United States ex rel. Hagerty v. Cyberonics, Inc.
95 F. Supp. 3d 240
D. Mass.2015Background
- Relator Andrew Hagerty, a former Cyberonics sales rep, alleges a company-wide scheme to promote medically unnecessary early replacements of Vagus Nerve Stimulator (VNS) devices, many for patients covered by government health programs.
- Cyberonics allegedly shifted incentives in 2007–2011 to reward replacement-device sales, distributed target lists, and encouraged representations about battery life without reliable individualized calculations.
- Hagerty investigated regional sales practices, reported concerns to management, was put on a performance plan, and fired in January 2012; he later filed this qui tam FCA suit (government declined to intervene).
- The amended complaint asserts federal FCA claims (false claims and conspiracy), 28 state FCA claims, FCA retaliation, Massachusetts False Claims Act retaliation, and breach-of-contract/implied covenant claims.

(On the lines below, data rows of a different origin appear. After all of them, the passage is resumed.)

Lemma jS_base_change : base_change chi jS.
Proof.
split=> [|Q F hF]; first exact: jS_lin.
split.
  have hF' : lin_along phi ((fun b => F (iota b)) : B -> restrict psi Q).
    move=> a x y; rewrite hbc.1 hF.
    change (chi (sigma a) *: F (iota x) + F (iota y) = psi (phi a) *: F (iota x) + F (iota y)).
    by rewrite psi_phi.
  have [h [hh eh]] := base_change_lift hbcP hF'.
  have [g [hg eg]] := base_change_lift hbc' (hh : lin_along psi h).
  exists g; split=> //.
  have l := lin_along_postcomp jS_lin hg.
  by apply: (base_change_eq hbc (l : lin (_ : BS -> restrict chi Q)) hF) => b; rewrite jS_iota eg eh.
move=> g g' hg hg' e e'; apply: (base_change_eq hbc') => // p.
have l := lin_along_postcomp hbc'.1 hg; have l' := lin_along_postcomp hbc'.1 hg'.
by apply: (base_change_eq hbcP (l : lin (_ : P -> restrict psi Q)) l') => b /=; rewrite -jS_iota e e'.
Qed.

Lemma jS_base_prod : base_prod chi jS mBS mP'.
Proof.
split; first by split=> a x y z; [exact: mP'_linl | exact: mP'_linr].
have l1 c : lin ((fun c' => mP' (jS c) (jS c')) : BS -> restrict chi P').
  exact: lin_along_postcomp jS_lin (mP'_linr _).
have l2 c' : lin ((fun c => mP' (jS c) (jS c')) : BS -> restrict chi P').
  exact: lin_along_postcomp jS_lin (mP'_linl _).
have l3 c : lin ((fun c' => jS (mBS c c')) : BS -> restrict chi P').
  by apply: lin_along_precomp jS_lin => a x y; exact: hbp.1.2.
have l4 c' : lin ((fun c => jS (mBS c c')) : BS -> restrict chi P').
  by apply: lin_along_precomp jS_lin => a x y; exact: hbp.1.1.
move=> c c'; apply: (base_change_eq2 hbc l1 l2 l3 l4) => b b'.
by rewrite !jS_iota mP'_iP' hbpP.2 -jS_iota hbp.2.
Qed.

Lemma jS_base_form : base_form chi jS betaS bP'.
Proof.
split; first by split=> a x y z; [exact: bP'_linl | exact: bP'_linr].
have l1 c : lin ((fun c' => bP' (jS c) (jS c')) : BS -> restrict chi T'^o).
  exact: lin_along_postcomp jS_lin (bP'_linr _).
have l2 c' : lin ((fun c => bP' (jS c) (jS c')) : BS -> restrict chi T'^o).
  exact: lin_along_postcomp jS_lin (bP'_linl _).
have l3 c : lin ((fun c' => chi (betaS c c')) : BS -> restrict chi T'^o).
  by move=> a x y; rewrite hbf.1.2 rmorphD rmorphM.
have l4 c' : lin ((fun c => chi (betaS c c')) : BS -> restrict chi T'^o).
  by move=> a x y; rewrite hbf.1.1 rmorphD rmorphM.
move=> c c'; apply: (base_change_eq2 hbc l1 l2 l3 l4) => b b'.
by rewrite !jS_iota bP'_iP' hbfP.2 hbf.2 psi_phi.
Qed.

Lemma f_lin_along : lin_along psi (fun p => iP' (f p)).
Proof. exact: lin_along_precomp haut.1 hbc'.1. Qed.
Definition f' : P' -> P' := sval (base_change_lift hbc' f_lin_along).
Lemma f'_lin : lin f'.
Proof. by case: (svalP (base_change_lift hbc' f_lin_along)). Qed.
Lemma f'_iP' p : f' (iP' p) = iP' (f p).
Proof. by case: (svalP (base_change_lift hbc' f_lin_along)) => _; apply. Qed.
(* Let $\mathbb{L}$ be a complete, algebraically closed non-Archimedean field of characteristic $0$ and let $\phi$ be a rational map over $\mathbb{L}$ of degree $\geq 2$ having good reduction. Let $\vec v$ be a direction at the Gauss point $\zeta_{Gauss}$ which, viewed as a point of $\mathbb{P}^1(\tilde{\mathbb{L}})$, is a fixed critical point of the reduction $\tilde\phi$. Let $\xi$ be a fixed point of $\phi$ lying in the open Berkovich disk $B_{\vec v}$ (the component of $\mathbb{P}^1_{an}\setminus\{\zeta_{Gauss}\}$ corresponding to $\vec v$). Then $\xi$ is of type $1$, i.e. $\xi\in\mathbb{P}^1(\mathbb{L})$.
   Context: $\mathbb{P}^1_{an}$ is the Berkovich projective line over $\mathbb{L}$; $\zeta_{Gauss}$ is the type $2$ point corresponding to the closed unit disk $D(0,1)$. Directions at $\zeta_{Gauss}$ (connected components of $\mathbb{P}^1_{an}\setminus\{\zeta_{Gauss}\}$) are identified with $\mathbb{P}^1(\tilde{\mathbb{L}})$, $\tilde{\mathbb{L}}$ the residue field, the direction containing $a\in\mathbb{P}^1(\mathbb{L})$ corresponding to its reduction $\tilde a$. The reduction $\tilde\phi$ is obtained by reducing a normalized form of $\phi$ (coprime numerator/denominator, coefficients in the valuation ring, not all in the maximal ideal) modulo the maximal ideal and cancelling common factors; good reduction means $\deg\tilde\phi=\deg\phi$. A critical point of $\tilde\phi$ is a point where $\tilde\phi$ has multiplicity at least $2$. *)

From HB Require Import structures.
From mathcomp Require Import all_boot all_order all_algebra.
From mathcomp Require Import reals.
From mathcomp.multinomials Require Export mpoly.

Set Implicit Arguments.
Unset Strict Implicit.
Unset Printing Implicit Defensive.

Import Order.TTheory GRing.Theory Num.Theory.
Local Open Scope ring_scope.

Section Berkovich.
Variables (R : realType) (L : fieldType) (abs : L -> R).

Definition nonarch_abs : Prop :=
  [/\ forall x, 0 <= abs x,
      forall x, abs x = 0 <-> x = 0,
      forall x y, abs (x * y) = abs x * abs y &
      forall x y, abs (x + y) <= Num.max (abs x) (abs y)].

Definition abs_complete : Prop :=
  forall u : nat -> L,
    (forall e : R, 0 < e -> exists N : nat, forall m n : nat,
        (N <= m)%N -> (N <= n)%N -> abs (u m - u n) < e) ->
    exists l : L, forall e : R, 0 < e -> exists N : nat, forall n : nat,
        (N <= n)%N -> abs (u n - l) < e.

(** Homogeneous coordinates: L[X,Y] = {mpoly L[2]}. *)
Definition varX : {mpoly L[2]} := 'X_(@Ordinal 2 0 isT).
Definition varY : {mpoly L[2]} := 'X_(@Ordinal 2 1 isT).
(* (i) There exists a doubly stochastic $2\times 2$ matrix $\mathcal N$ (for instance $\mathcal N=\frac19\begin{pmatrix}5&4\\4&5\end{pmatrix}$) such that for every $\kappa>\frac89$, no directed $3$-regular multigraph on $[2]$ has weak throughput at least $\kappa$ with respect to $\mathcal N$. (ii) For every positive integer $n$ there exists a doubly stochastic $n\times n$ matrix $\mathcal M_n$ such that no directed $(2n-1)$-regular multigraph on $[n]$ has weak direct throughput at least $\kappa$ with respect to $\mathcal M_n$, for every $\kappa>\frac{7n-4}{8n-4}$ if $n$ is even and for every $\kappa>\frac{7n-3}{8n-4}$ if $n$ is odd.
   Context: Let $n\ge 1$ and $[n]=\{1,\dots,n\}$. Networks are finite directed multigraphs on vertex set $[n]$; self-loops and parallel arcs are allowed. A directed multigraph is directed $r$-regular if every vertex has exactly $r$ outgoing and exactly $r$ incoming arcs (a self-loop at $v$ counts as one outgoing and one incoming arc of $v$). A path is a non-empty sequence of arcs $((u_1,v_1),\dots,(u_\ell,v_\ell))$ with $v_i=u_{i+1}$ for $i<\ell$; it goes from $u_1$ to $v_\ell$ and has length $\ell\ge 1$. An $n\times n$ matrix is doubly stochastic if all entries are nonnegative and every row and every column sums to $1$. In a directed $(2n-1)$-regular multigraph $G$ on $[n]$ every arc has capacity $\frac{1}{2n-1}$. $G$ hosts a nonnegative $n\times n$ matrix $\mathcal M=(a_{i,j})$ if there is a finite collection $\{(P_k,d_k)\}$, where each $P_k$ is a path in $G$ from some $s_k$ to some $t_k$ and $d_k\ge 0$, such that $\sum_{k:\,s_k=u,\,t_k=v} d_k=a_{u,v}$ for all $u,v\in[n]$, and for every arc $e$ of $G$ (parallel arcs are distinct) $\sum_{k:\,e\in P_k} d_k\le \frac{1}{2n-1}$. $G$ directly hosts $\mathcal M$ if this is possible with all paths $P_k$ of length $1$. For doubly stochastic $\mathcal M=(a_{i,j})$, the weak throughput (resp. weak direct throughput) of $G$ is the largest $\eta$ such that $G$ hosts (resp. directly hosts) some matrix $\mathcal M'=(a'_{i,j})$ with $0\le a'_{i,j}\le a_{i,j}$ for all $i,j$ and $\sum_{i,j}a'_{i,j}=\eta\sum_{i,j}a_{i,j}=\eta n$. *)

From HB Require Import structures.
From mathcomp Require Import all_boot all_order all_algebra.
From mathcomp Require Import boolp classical_sets reals.
Set Implicit Arguments. Unset Strict Implicit. Unset Printing Implicit Defensive.
Import Order.TTheory GRing.Theory Num.Theory.
Local Open Scope ring_scope.

(* A finite directed multigraph on [n] = 'I_n : arcs are 'I_(narcs G),
   each with a source and a target (self-loops, parallel arcs allowed). *)
Record multigraph (n : nat) := Multigraph {
  narcs : nat;
  src : 'I_narcs -> 'I_n;
  tgt : 'I_narcs -> 'I_n }.

Definition arc n (G : multigraph n) := 'I_(narcs G).

Definition directed_regular n (G : multigraph n) (r : nat) : Prop :=
  forall v : 'I_n,
    #|[set e : arc G | src e == v]| = r /\ #|[set e : arc G | tgt e == v]| = r.

(* A path is a non-empty sequence of arcs e :: p with tgt of each arc equal
   to the src of the next one. *)
Definition is_gpath n (G : multigraph n) (e : arc G) (p : seq (arc G)) : bool :=
  path [rel x y | tgt x == src y] e p.

Definition doubly_stochastic (R : numDomainType) n (A : 'M[R]_n) : Prop :=
  (forall i j, 0 <= A i j) /\
  (forall i, \sum_j A i j = 1) /\ (forall j, \sum_i A i j = 1).

(* A routing: finite collection of (path, demand) triples ((e, p), d)
   representing path e :: p with weight d. *)
Definition routing_ok (R : realDomainType) n (G : multigraph n)
    (s : seq ((arc G * seq (arc G)) * R)) (A : 'M[R]_n) : Prop :=
  (forall k, k \in s -> is_gpath k.1.1 k.1.2 /\ 0 <= k.2) /\
  (forall u v : 'I_n,
     \sum_(k <- s | (src k.1.1 == u) && (tgt (last k.1.1 k.1.2) == v)) k.2
       = A u v) /\
  (forall e : arc G,
     \sum_(k <- s | e \in k.1.1 :: k.1.2) k.2 <= ((2 * n - 1)%N%:R)^-1).

Definition hosts (R : realDomainType) n (G : multigraph n) (A : 'M[R]_n) : Prop :=
  exists s : seq ((arc G * seq (arc G)) * R), routing_ok s A.

Definition directly_hosts (R : realDomainType) n (G : multigraph n)
    (A : 'M[R]_n) : Prop :=
  exists s : seq ((arc G * seq (arc G)) * R), routing_ok s A /\ (forall k, k \in s -> k.1.2 = [::]).

Definition achievable_with (R : realDomainType) n
    (host : 'M[R]_n -> Prop) (M : 'M[R]_n) (eta : R) : Prop :=
  exists A : 'M[R]_n,
    (forall i j, 0 <= A i j <= M i j) /\
    \sum_i \sum_j A i j = eta * \sum_i \sum_j M i j /\ host A.

Definition weak_throughput (R : realType) n (G : multigraph n) (M : 'M[R]_n) : R :=
  sup [set eta | achievable_with (@hosts R n G) M eta].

- Cyberonics moved to dismiss for public-disclosure bar, failure to meet FCA pre-suit/sealing rules, failure to plead fraud with Rule 9(b) particularity, and failure to state contract/other claims.
Issues
| Issue | Plaintiff's Argument | Defendant's Argument | Held |
|---|---|---|---|
| Public-disclosure bar | Hagerty says prior publicity (his earlier suit and reports) did not disclose fraud on the government; he is original source adding independent information | Cyberonics says Infitialis report and prior suit publicly disclosed substantially the same allegations, barring the FCA claims | Court: public-disclosure bar does not apply — prior disclosures lacked the essential element (fraud on government); alternatively Hagerty qualifies as an original source |
| FCA pre-suit/seal requirements for amended complaint | Hagerty contends the original complaint gave government adequate notice; amended complaint not a new, unrelated FCA claim | Cyberonics contends new FCA allegations required seal/service so gov’t could investigate before disclosure | Court: original and amended complaints were substantially similar; pre-suit/seal requirements satisfied; no dismissal on that basis |
| Rule 9(b) particularity for FCA false-claims allegations | Hagerty relies on scheme allegations plus statistical assertions to infer false claims submitted to government | Cyberonics says complaint lacks specific false claims, dates, claim forms, amounts, and jurisdiction-specific details to meet 9(b) | Court: dismissed federal FCA counts (and state FCA analogues) for failure to plead specific false claims or sufficient factual/statistical support under Rule 9(b) |
| FCA conspiracy claim & corporate conspiracy doctrine | Hagerty alleges conspiracy between Cyberonics and employees to cause false claims | Cyberonics argues a corporation cannot conspire with its own employees; intracorporate-conspiracy doctrine bars claim | Court: conspiracy claim dismissed — corporation cannot conspire with its officers/employees in this context |
| FCA retaliation / Massachusetts FCA retaliation | Hagerty says he investigated fraud, informed management, and was fired shortly after — protected conduct; MFCA mirrors federal protection | Cyberonics asserts termination was for poor sales and lacked notice of FCA-type conduct | Court: FCA retaliation claim (31 U.S.C. § 3730(h)) and MFCA retaliation survive (plausible protected conduct, employer knowledge, temporal proximity) |
| Breach of contract / implied covenant | Hagerty raises breach and implied covenant claims from employment termination | Cyberonics notes at-will employment and no facts showing deprivation of earned compensation | Court: breach and implied covenant claims dismissed (at-will employment; no applicable exception) |
Key Cases Cited
- United States ex rel. Duxbury v. Ortho Biotech Prods., L.P., 579 F.3d 13 (1st Cir. 2009) (discusses Rule 9(b) standards and sufficiency for qui tam inducement cases)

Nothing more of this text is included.